Portrait of George Dyer Talking, 1966
Private Collection, New York

Painting 4 of Deleuze's
Francis Bacon: Logique de la sensation. Tome II - Peintures
Painting [37] of the English translation
and Painting [30] of the Seuil 2002 French

A round area often delimits the place where the person - that is to say, the Figure - is seated, lying down, doubled over, or in some other position. This round or oval area takes up more or less space : it can extend beyond the edges of the painting [64, 37] or occupy the center of a triptych [60, 61] (Deleuze 2003: 1bc)

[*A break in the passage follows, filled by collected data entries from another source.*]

(* a is increasing, so a'(t) >= 0, and condition (c) presupposes a'(t) <> 0. *)
Lemma Derive_a_pos t : 0 < t -> 0 < Derive a t.
Proof.
  intros Ht. destruct (Rle_or_lt (Derive a t) 0) as [Hle | Hlt]; [exfalso | exact Hlt].
  assert (Hneq : Derive a t <> 0) by (apply Ha, Ht).
  assert (Hneg : Derive a t < 0) by lra.
  destruct (proj1 (is_derive_Reals _ _ _) (is_derive_a t Ht) (- Derive a t / 2)) as [d Hd]; [lra|].
  set (h := Rmin (d / 2) 1).
  assert (Hh : 0 < h < d).
  { unfold h. split; [apply Rmin_pos; generalize (cond_pos d); lra|].
    generalize (Rmin_l (d / 2) 1) (cond_pos d). lra. }
  specialize (Hd h ltac:(lra) ltac:(rewrite Rabs_pos_eq; lra)).
  assert (Hq : 0 < (a (t + h) - a t) / h).
  { apply Rdiv_lt_0_compat; [|lra]. assert (a t < a (t + h)); [|lra].
    apply a_lt. rewrite !Rabs_pos_eq; lra. }
  apply Rabs_def2 in Hd. lra.
Qed.

Lemma a_small_near_0 e : 0 < e -> exists d, 0 < d /\ forall t, Rabs t < d -> a t < e.
Proof.
  intros He0.
  destruct (proj1 (filterlim_locally (F := locally 0) a _) (a_continuous 0) (mkposreal e He0))
    as [d Hd].
  exists d. split; [apply cond_pos|]. intros t Ht.
  assert (H : Rabs (a t - a 0) < e) by (apply (Hd t), ball_Rabs; rewrite Rminus_0_r; exact Ht).
  rewrite a_zero, Rminus_0_r in H. generalize (Rle_abs (a t)). lra.
Qed.

(* Under t = tau - s^2, dt / sqrt (a(tau)^2 - a(t)^2) becomes [kernel tau s] ds; the kernel
   stays bounded at s = 0 because the difference quotient [dquot] tends to a'(tau) > 0. *)
Definition dquot tau s : R :=
  if Req_EM_T s 0 then Derive a tau else (a tau - a (tau - s * s)) / (s * s).

Definition kernel tau s : R := 2 / sqrt ((a tau + a (tau - s * s)) * dquot tau s).

Definition integrand (h : R -> R) tau t : R := h t / sqrt (a tau ^ 2 - a t ^ 2).

Definition subst_integrand (h : R -> R) tau s : R := h (tau - s * s) * kernel tau s.

Definition subst_RInt (h : R -> R) tau t : R := RInt (subst_integrand h tau) 0 (sqrt (tau - t)).

Lemma dquot_pos tau s : 0 < tau -> s * s < 2 * tau -> 0 < dquot tau s.
Proof.
  intros Ht Hs. unfold dquot. destruct (Req_EM_T s 0) as [_ | Hs0]; [apply Derive_a_pos, Ht|].
  assert (Hss : 0 < s * s) by (apply Rsqr_pos_lt, Hs0).
  apply Rdiv_lt_0_compat; [|exact Hss].
  assert (a (tau - s * s) < a tau); [|lra].
  apply a_lt. rewrite (Rabs_pos_eq tau) by lra. apply Rabs_def1; lra.
Qed.

Lemma dquot_continuous_0 tau : 0 < tau -> continuity_2d_pt dquot tau 0.
Proof.
  intros Ht eps.
  destruct (proj1 (filterlim_locally _ _) (continuous_Derive_a tau Ht) eps) as [d1 Hd1].
  assert (Hd1pos := cond_pos d1).
  set (d := Rmin (Rmin (d1 / 2) (tau / 2)) 1).
  assert (Hd : 0 < d) by (unfold d; repeat apply Rmin_pos; lra).
  assert (Hdle : d <= d1 / 2 /\ d <= tau / 2 /\ d <= 1).
  { unfold d. generalize (Rmin_l (Rmin (d1 / 2) (tau / 2)) 1) (Rmin_r (Rmin (d1 / 2) (tau / 2)) 1)
      (Rmin_l (d1 / 2) (tau / 2)) (Rmin_r (d1 / 2) (tau / 2)). lra. }
  exists (mkposreal d Hd). intros u v Hu Hv. simpl in Hu, Hv. rewrite Rminus_0_r in Hv.
  unfold dquot at 2. destruct (Req_EM_T 0 0) as [_ | C]; [|congruence].
  apply Rabs_def2 in Hu.
  unfold dquot. destruct (Req_EM_T v 0) as [_ | Hv0].
  { apply Hd1, ball_Rabs, Rabs_def1; lra. }
  assert (Hvv : 0 < v * v) by (apply Rsqr_pos_lt, Hv0).
  assert (Hvd : v * v < d).
  { replace (v * v) with (Rabs v * Rabs v) by (rewrite <- Rabs_mult; apply Rabs_pos_eq; lra).
    generalize (Rabs_pos v). nra. }
  destruct (MVT_gen a (u - v * v) u (Derive a)) as [c [Hc Hmvt]].
  - intros x Hx. apply is_derive_a. rewrite Rmin_left in Hx by lra. lra.
  - intros x _. apply continuity_pt_filterlim, a_continuous.
  - rewrite Rmin_left, Rmax_right in Hc by lra.
    replace ((a u - a (u - v * v)) / (v * v)) with (Derive a c) by (rewrite Hmvt; field; lra).
    apply Hd1, ball_Rabs, Rabs_def1; lra.
Qed.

Un rond délimite souvent le lieu où est assis le personnage, c'est-à-dire la Figure. Assis, couché, penché ou autre chose. Ce rond, ou cet ovale, tient plus ou moins de place : il peut déborder les côtés du tableau, être au centre d'un triptyque, etc. [22, 30]. (Deleuze 2002: 13-14)

(Thanks forbes.com)

[The figures in Bacon's paintings are often isolated and enclosed. On the one hand, this separates the figure from its surrounding field. But on the other hand, the enclosures seem to squeeze the figure, making it tend outward into the more open space. The figures are found in either circles or parallelepipeds. This painting is an example of a circular enclosure that extends beyond the painting's borders.]

Deleuze, Gilles. Francis Bacon: The Logic of Sensation. Transl. Daniel W. Smith. London/New York: Continuum, 2003.

Deleuze, Gilles. Francis Bacon: Logique de la sensation. Paris: Seuil, 2002.

Deleuze, Gilles. Francis Bacon: Logique de la sensation. Tome II - Peintures. Paris: Editions de la différence [Littératures], 1981.